Tom Watson, the Labour MP for West Bromwich East and a leading backbencher, said: "People will be raising their eyebrows and no doubt suggesting that Mr Bowker hands this pass back so that when he undertakes personal travel he pays the increased fares like everyone else."

Only five other people receive the rail pass, two of whom work for British Transport Police. The three others are the heads of the charities the Railway Benevolent Institution and the Railway Mission, and the head of the Association of Community Rail Partnerships, which campaigns for the retention of rural routes.

Tom Winsor, the rail regulator who is responsible for setting the charges train operators pay the infrastructure organisation Network Rail for maintaining the track, turned down a pass.
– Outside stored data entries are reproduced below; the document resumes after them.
(* Fix $\lambda\in[0,1)$ and $p\in[0,1]$. There is a unique $\mathbf{v}^I\in\overline{\mathcal{V}}^\infty$ with $\mathbf{F}_i(\mathbf{v}^I)=0$ for all $i\ge 1$. Writing $\mathbf{s}^I_i=\mathbf{v}^I_i-\mathbf{v}^I_{i+1}$ for $i\ge0$, it is given as follows. (1) If $p=0$, then $\mathbf{s}^I_i=\lambda^i$ for all $i\ge1$. (2) If $p\ge\lambda$, then $\mathbf{s}^I_i=0$ for all $i\ge1$. (3) If $0<p<\lambda$ and $\lambda=1-p$, then $\mathbf{s}^I_i=1-\frac{p}{1-p}\,i$ for $1\le i\le \tilde i^*(p,\lambda)$ and $\mathbf{s}^I_i=0$ for $i>\tilde i^*(p,\lambda)$, where $\tilde i^*(p,\lambda)=\lfloor \frac{1-p}{p}\rfloor$. (4) If $0<p<\lambda$ and $\lambda\ne 1-p$, then $\mathbf{s}^I_i=\frac{1-\lambda}{1-(p+\lambda)}\left(\frac{\lambda}{1-p}\right)^i-\frac{p}{1-(p+\lambda)}$ for $1\le i\le i^*(p,\lambda)$ and $\mathbf{s}^I_i=0$ for $i>i^*(p,\lambda)$, where $i^*(p,\lambda)=\left\lfloor \log_{\frac{\lambda}{1-p}}\frac{p}{1-\lambda}\right\rfloor$.
   Context: $\mathbb{Z}_+=\{0,1,2,\dots\}$. Let $\mathcal{S}=\{\mathbf{s}\in[0,1]^{\mathbb{Z}_+}:1=\mathbf{s}_0\ge\mathbf{s}_1\ge\cdots\ge0\}$, $\overline{\mathcal{S}}^\infty=\{\mathbf{s}\in\mathcal{S}:\sum_{i\ge1}\mathbf{s}_i<\infty\}$, and $\overline{\mathcal{V}}^\infty=\{\mathbf{v}\in\mathbb{R}^{\mathbb{Z}_+}:\mathbf{v}_i=\sum_{j\ge i}\mathbf{s}_j \text{ for all } i, \text{ for some } \mathbf{s}\in\overline{\mathcal{S}}^\infty\}$. For $\mathbf{v}\in\overline{\mathcal{V}}^\infty$ and $i\ge1$ define the drift $\mathbf{F}_i(\mathbf{v})=\lambda(\mathbf{v}_{i-1}-\mathbf{v}_i)-(1-p)(\mathbf{v}_i-\mathbf{v}_{i+1})-g_i(\mathbf{v})$, where $g_i(\mathbf{v})=p$ if $\mathbf{v}_i>0$; $g_i(\mathbf{v})=\min\{\lambda\mathbf{v}_{i-1},p\}$ if $\mathbf{v}_i=0,\mathbf{v}_{i-1}>0$; and $g_i(\mathbf{v})=0$ if $\mathbf{v}_i=\mathbf{v}_{i-1}=0$. *)

From Stdlib Require Import Reals.
From Coquelicot Require Import Coquelicot.
Open Scope R_scope.

Definition in_S_fin (s : nat -> R) : Prop :=
  s 0%nat = 1 /\
  (forall i : nat, 0 <= s i <= 1) /\
  (forall i : nat, s (S i) <= s i) /\
  ex_series (fun k => s (S k)).

Definition in_V_fin (v : nat -> R) : Prop :=
  exists s : nat -> R, in_S_fin s /\
    forall i : nat, is_series (fun k => s (i + k)%nat) (v i).

Definition g_drift (lam p : R) (v : nat -> R) (i : nat) : R :=
  if Rlt_dec 0 (v i) then p
  else if Rlt_dec 0 (v (i - 1)%nat) then Rmin (lam * v (i - 1)%nat) p
  else 0.

Definition F_drift (lam p : R) (v : nat -> R) (i : nat) : R :=
  lam * (v (i - 1)%nat - v i) - (1 - p) * (v i - v (S i)) - g_drift lam p v i.

Definition is_fixed_point (lam p : R) (v : nat -> R) : Prop :=
  in_V_fin v /\ forall i : nat, (1 <= i)%nat -> F_drift lam p v i = 0.

(* floor as an integer: Int_part x = up x - 1 = ⌊x⌋ *)
Definition log_base (b a : R) : R := ln a / ln b.

(** The balance equation F_i(v) = 0 only involves s_{i-1} = v_{i-1} - v_i and
    s_i = v_i - v_{i+1}, and for 1 >= s_{i-1} >= s_i >= 0 it holds exactly when
    s_i = max(0, (λ s_{i-1} - p) / (1 - p)).  Hence the fixed point is forced by
    s_0 = 1 and this recursion, and it is summable because s_i <= λ^i.  Before
    the clipping at 0 takes effect the recursion is affine, with solution
    c + (1 - c) (λ/(1-p))^i around its fixed point c = -p/(1-p-λ) (linear in
    i when λ = 1 - p); the sequence stays positive exactly up to the stated
    threshold index. *)

From Stdlib Require Import Reals ZArith Lra Lia FunctionalExtensionality.
From Coquelicot Require Import Coquelicot.
Open Scope R_scope.

Lemma Series_zero : Series (fun _ => 0) = 0.
Proof.
  rewrite (Series_ext _ (fun _ => 0 * 1)) by (intro; ring).
  rewrite (Series_scal_l 0 (fun _ => 1)). ring.
Qed.

Section TailSums.

Variables (s v : nat -> R).
Hypothesis s_in_S : in_S_fin s.
Hypothesis v_tail : forall i, is_series (fun k => s (i + k)%nat) (v i).

Lemma tail_sum_S i : v i = s i + v (S i).
Proof.
  rewrite <- (is_series_unique _ _ (v_tail i)), <- (is_series_unique _ _ (v_tail (S i))).
  rewrite Series_incr_1 by (eexists; apply v_tail).
  rewrite Nat.add_0_r. f_equal. apply Series_ext. intro k. f_equal. lia.
Qed.

Lemma in_S_fin_ge0 i : 0 <= s i.
Proof. apply s_in_S. Qed.

Lemma in_S_fin_le i j : (i <= j)%nat -> s j <= s i.
Proof.
  destruct s_in_S as (_ & _ & s_decr & _).
  induction 1; [lra|]. specialize (s_decr m). lra.
Qed.

Lemma tail_sum_ge0 i : 0 <= v i.
Proof.
  rewrite <- (is_series_unique _ _ (v_tail i)), <- Series_zero.
  apply Series_le; [|eexists; apply v_tail].
  intro n. split; [lra | apply in_S_fin_ge0].
Qed.

Lemma tail_sum_eq0 i : s i <= 0 -> v i = 0.
Proof.
  intro s_i_le0. rewrite <- (is_series_unique _ _ (v_tail i)), <- Series_zero.
  apply Series_ext. intro n.
  pose proof (in_S_fin_le i (i + n) ltac:(lia)). pose proof (in_S_fin_ge0 (i + n)). lra.
Qed.

Lemma tail_sum_gt0 i : 0 < v i <-> 0 < s i.
Proof.
  split; intro H.
  - destruct (Rlt_dec 0 (s i)) as [|s_i_le0]; [easy|].
    rewrite tail_sum_eq0 in H; lra.
  - rewrite tail_sum_S. pose proof (tail_sum_ge0 (S i)). lra.
Qed.

End TailSums.

Definition drift_step (lam p x : R) : R :=
  if Rlt_dec p (lam * x) then (lam * x - p) / (1 - p) else 0.

(* [F_drift] at index [j + 1] in terms of [x = s_j] and [y = s_{j+1}]; the
   [Rmin] branch uses [v_j = s_j], valid because [v_{j+1} = 0] there. *)
Definition drift_balance (lam p x y : R) : R :=
  lam * x - (1 - p) * y -
  (if Rlt_dec 0 y then p else if Rlt_dec 0 x then Rmin (lam * x) p else 0).

Lemma F_drift_balance (lam p : R) (s v : nat -> R) (j : nat) :
  in_S_fin s -> (forall i, is_series (fun k => s (i + k)%nat) (v i)) ->
  F_drift lam p v (S j) = drift_balance lam p (s j) (s (S j)).
Proof.
  intros s_in_S v_tail.
  unfold F_drift, g_drift, drift_balance. replace (S j - 1)%nat with j by lia.
  pose proof (tail_sum_S s v v_tail j) as Ej.
  pose proof (tail_sum_S s v v_tail (S j)) as ESj.
  pose proof (tail_sum_gt0 s v s_in_S v_tail j) as Pj.
  pose proof (tail_sum_gt0 s v s_in_S v_tail (S j)) as PSj.
  replace (v j - v (S j)) with (s j) by lra.
  replace (v (S j) - v (S (S j))) with (s (S j)) by lra.
  destruct (Rlt_dec 0 (v (S j))), (Rlt_dec 0 (s (S j)));
    destruct (Rlt_dec 0 (v j)), (Rlt_dec 0 (s j)); try tauto.
  replace (v j) with (s j); [reflexivity|].
  enough (v (S j) = 0) by lra.
  apply (tail_sum_eq0 s v s_in_S v_tail); lra.
Qed.

Lemma pow_le_one x n : 0 <= x <= 1 -> x ^ n <= 1.
Proof. intro Hx. rewrite <- (pow1 n). apply pow_incr. lra. Qed.

Section DriftStep.

Variables (lam p : R).
Hypothesis Hlam : 0 <= lam < 1.
Hypothesis Hp : 0 <= p <= 1.

Lemma drift_step_bounds x : 0 <= x <= 1 -> 0 <= drift_step lam p x <= lam * x.
Proof.
  intro Hx. unfold drift_step. destruct (Rlt_dec p (lam * x)) as [Hpx|]; [|split; nra].
  assert (lam * x <= 1) by nra.
  split; [apply Rdiv_le_0_compat; lra|].
  apply Rle_div_l; [lra | nra].
Qed.

Lemma drift_balance_eq0 x y : 0 <= y <= x -> x <= 1 ->
  drift_balance lam p x y = 0 <-> y = drift_step lam p x.
Proof.
  intros Hy Hx. unfold drift_balance, drift_step.
  destruct (Rlt_dec 0 y) as [y_gt0|y_le0].
  - destruct (Rlt_dec p (lam * x)) as [Hpx|Hpx].
    + assert (p < 1) by nra.
      split; intro E; [field_simplify_eq; lra | rewrite E; field; lra].
    (* here λx <= p, so λx - p < (1 - p) y unless p = 1, where λx < 1 = p *)
    + split; intro E; [|lra]. destruct (Req_dec p 1); nra.
  - assert (y = 0) as -> by lra.
    destruct (Rlt_dec 0 x), (Rlt_dec p (lam * x)).
    + rewrite Rmin_right by lra. split; intro E; [lra|].
      assert (0 < (lam * x - p) / (1 - p)) by (apply Rdiv_lt_0_compat; nra). lra.
    + rewrite Rmin_left by lra. lra.
    + nra.
    + assert (x = 0) by lra. split; intros; nra.
Qed.

Lemma F_drift_eq0_iff (s v : nat -> R) (j : nat) :
  in_S_fin s -> (forall i, is_series (fun k => s (i + k)%nat) (v i)) ->
  F_drift lam p v (S j) = 0 <-> s (S j) = drift_step lam p (s j).
Proof.
  intros s_in_S v_tail. rewrite (F_drift_balance lam p s v j s_in_S v_tail).
  destruct s_in_S as (_ & s_bounds & s_decr & _).
  apply drift_balance_eq0; [split; [apply s_bounds | apply s_decr] | apply s_bounds].
Qed.

Fixpoint drift_orbit (n : nat) : R :=
  match n with O => 1 | S n => drift_step lam p (drift_orbit n) end.

Lemma drift_orbit_bounds n : 0 <= drift_orbit n <= lam ^ n.
Proof.
  induction n as [|n IHn]; simpl; [lra|].
  assert (lam ^ n <= 1) by (apply pow_le_one; lra).
  pose proof (drift_step_bounds (drift_orbit n) ltac:(lra)). nra.
Qed.

Lemma drift_orbit_summable i : ex_series (fun k => drift_orbit (i + k)).
Proof.
  apply (@ex_series_le R_AbsRing R_CompleteNormedModule _ (fun k => lam ^ k)).
  - intro n. pose proof (drift_orbit_bounds (i + n)) as Hb.
    rewrite pow_add in Hb. rewrite Rabs_pos_eq by lra.
    assert (lam ^ i <= 1) by (apply pow_le_one; lra).
    assert (0 <= lam ^ n) by (apply pow_le; lra). nra.
  - apply ex_series_geom. rewrite Rabs_pos_eq; lra.
Qed.

Lemma drift_orbit_in_S : in_S_fin drift_orbit.
Proof.
  assert (pow_le_1 : forall n, lam ^ n <= 1) by (intro; apply pow_le_one; lra).
  split; [reflexivity|]. split; [|split].
  - intro i. pose proof (drift_orbit_bounds i). pose proof (pow_le_1 i). lra.
  - intro i. simpl. pose proof (drift_orbit_bounds i). pose proof (pow_le_1 i).
    pose proof (drift_step_bounds (drift_orbit i) ltac:(lra)). nra.
  - exact (drift_orbit_summable 1).
Qed.

Definition drift_fixed_point (i : nat) : R := Series (fun k => drift_orbit (i + k)).

Lemma drift_fixed_point_tail i :
  is_series (fun k => drift_orbit (i + k)) (drift_fixed_point i).
Proof. apply Series_correct, drift_orbit_summable. Qed.

Lemma drift_fixed_point_is_fixed : is_fixed_point lam p drift_fixed_point.
Proof.
  split; [exists drift_orbit; split; [apply drift_orbit_in_S | apply drift_fixed_point_tail]|].
  intros [|j] Hj; [lia|].
  now apply (F_drift_eq0_iff drift_orbit); [apply drift_orbit_in_S | apply drift_fixed_point_tail|].
Qed.

Lemma is_fixed_point_unique w : is_fixed_point lam p w -> w = drift_fixed_point.
Proof.
  intros [[s [s_in_S w_tail]] F_eq0].
  assert (s_orbit : forall n, s n = drift_orbit n).
  { induction n as [|n IHn]; [apply s_in_S|].
    rewrite (proj1 (F_drift_eq0_iff s w n s_in_S w_tail) (F_eq0 (S n) ltac:(lia))).
    now rewrite IHn. }
  apply functional_extensionality. intro i.
  rewrite <- (is_series_unique _ _ (w_tail i)).
  apply Series_ext. intro n. apply s_orbit.
Qed.

Lemma drift_fixed_point_diff i : drift_fixed_point i - drift_fixed_point (S i) = drift_orbit i.
Proof. rewrite (tail_sum_S drift_orbit _ drift_fixed_point_tail i). ring. Qed.

End DriftStep.

Lemma drift_orbit_p0 lam n : 0 <= lam -> drift_orbit lam 0 n = lam ^ n.
Proof.
  intro Hlam. induction n as [|n IHn]; [reflexivity|].
  simpl. rewrite IHn. unfold drift_step.
  pose proof (pow_le lam n Hlam).
  destruct (Rlt_dec 0 (lam * lam ^ n)); [field | nra].
Qed.

Lemma drift_orbit_absorbed lam p n : 0 <= lam < 1 -> 0 <= p <= 1 -> lam <= p ->
  drift_orbit lam p (S n) = 0.
Proof.
  intros Hlam Hp Hlp. simpl. unfold drift_step.
  destruct (Rlt_dec p (lam * drift_orbit lam p n)); [exfalso|reflexivity].
  pose proof (drift_orbit_bounds lam p Hlam Hp n).
  pose proof (pow_le_one lam n ltac:(lra)). nra.
Qed.

Lemma Z_le_Int_part_iff (i : nat) (x : R) : (Z.of_nat i <= Int_part x)%Z <-> INR i <= x.
Proof.
  destruct (base_Int_part x) as [floor_le floor_gt].
  rewrite INR_IZR_INZ. split; intro Hi.
  - apply IZR_le in Hi. lra.
  - destruct (Z_le_gt_dec (Z.of_nat i) (Int_part x)) as [|Hgt]; [easy|].
    assert (Hle : (Int_part x + 1 <= Z.of_nat i)%Z) by lia.
    apply IZR_le in Hle. rewrite plus_IZR in Hle. lra.
Qed.

Section AffineRegime.

Variables (lam p : R).
Hypothesis Hlam : 0 <= lam <= 1.
Hypothesis Hp : 0 <= p < 1.

Fixpoint drift_affine (n : nat) : R :=
  match n with O => 1 | S n => (lam * drift_affine n - p) / (1 - p) end.

Lemma drift_affine_decr n : drift_affine (S n) <= drift_affine n.
Proof.
  induction n as [|n IHn].
  - simpl. apply Rle_div_l; lra.
  (* consecutive differences are multiplied by [lam / (1 - p) >= 0] *)
  - change (drift_affine (S (S n))) with ((lam * drift_affine (S n) - p) / (1 - p)).
    change (drift_affine (S n)) with ((lam * drift_affine n - p) / (1 - p)) at 2.
    apply Rmult_le_compat_r; [left; apply Rinv_0_lt_compat; lra | nra].
Qed.

Lemma drift_orbit_clip n : drift_orbit lam p n = Rmax 0 (drift_affine n).
Proof.
  induction n as [|n IHn]; [simpl; rewrite Rmax_right; lra|].
  simpl drift_orbit. rewrite IHn. unfold drift_step.
  pose proof (drift_affine_decr n).
  destruct (Rle_dec 0 (drift_affine n)).
  - rewrite (Rmax_right 0 (drift_affine n)) by lra.
    change (drift_affine (S n)) with ((lam * drift_affine n - p) / (1 - p)).
    destruct (Rlt_dec p (lam * drift_affine n)).
    + rewrite Rmax_right; [reflexivity|]. apply Rdiv_le_0_compat; lra.
    + rewrite Rmax_left; [reflexivity|]. apply Rle_div_l; lra.
  - rewrite !Rmax_left by lra. destruct (Rlt_dec p (lam * 0)); lra.
Qed.

Lemma drift_orbit_threshold (x : R) :
  (forall n, 0 <= drift_affine n <-> INR n <= x) -> forall i,
  ((Z.of_nat i <= Int_part x)%Z -> drift_orbit lam p i = drift_affine i) /\
  ((Int_part x < Z.of_nat i)%Z -> drift_orbit lam p i = 0).
Proof.
  intros affine_ge0 i. rewrite drift_orbit_clip.
  split; intro Hi.
  - apply Rmax_right, affine_ge0, Z_le_Int_part_iff, Hi.
  - apply Rmax_left. destruct (Rle_dec 0 (drift_affine i)) as [Hge0|]; [|lra].
    apply affine_ge0, Z_le_Int_part_iff in Hge0. lia.
Qed.

Lemma drift_affine_linear n : lam = 1 - p -> drift_affine n = 1 - p / (1 - p) * INR n.
Proof.
  intro Hlp. induction n as [|n IHn]; [simpl; ring|].
  simpl drift_affine. rewrite IHn, S_INR, Hlp. field. lra.
Qed.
The passes are issued by the Association of Train Operating Companies.

In a statement, Mr Winsor's office said: "The rail regulator considered that he should not receive benefits or favours from the companies he was regulating or whose commercial interests his decisions could affect and declined the offer."

A spokesman for the train drivers' union Aslef, said its general secretary, Mick Rix, had applied for the facility but his request was rejected.

A spokesman for the SRA said that Mr Bowker's free rail travel did not constitute a conflict of interest and did not in any way influence his judgement towards train operators. The cost to businesses was minimal given that it was spread between 25 operators.

The spokesman said: "You would have to be writing for Private Eye to think that was corrupt." The spokesman added that because of the pressures of his job, Mr Bowker did not enjoy much leisure time, but that it was true that he used his card"whenever" he travelled by train. He used it to travel to his country house in Ross-on-Wye at weekends.

A weekend first-class return to Gloucester ­ the nearest station ­ can cost up to £114 depending on the time of travel.

The spokesman for the SRA said that Mr Bowker checked to see if his acceptance of the pass infringed any Whitehall "protocol" or if there might be a legal difficulty. There was considered to be no problem, the spokesman said. He added that Mr Bowker had turned down the offer of a government car and chauffeur because he used London Underground, and wanted to use the rail network whenever possible.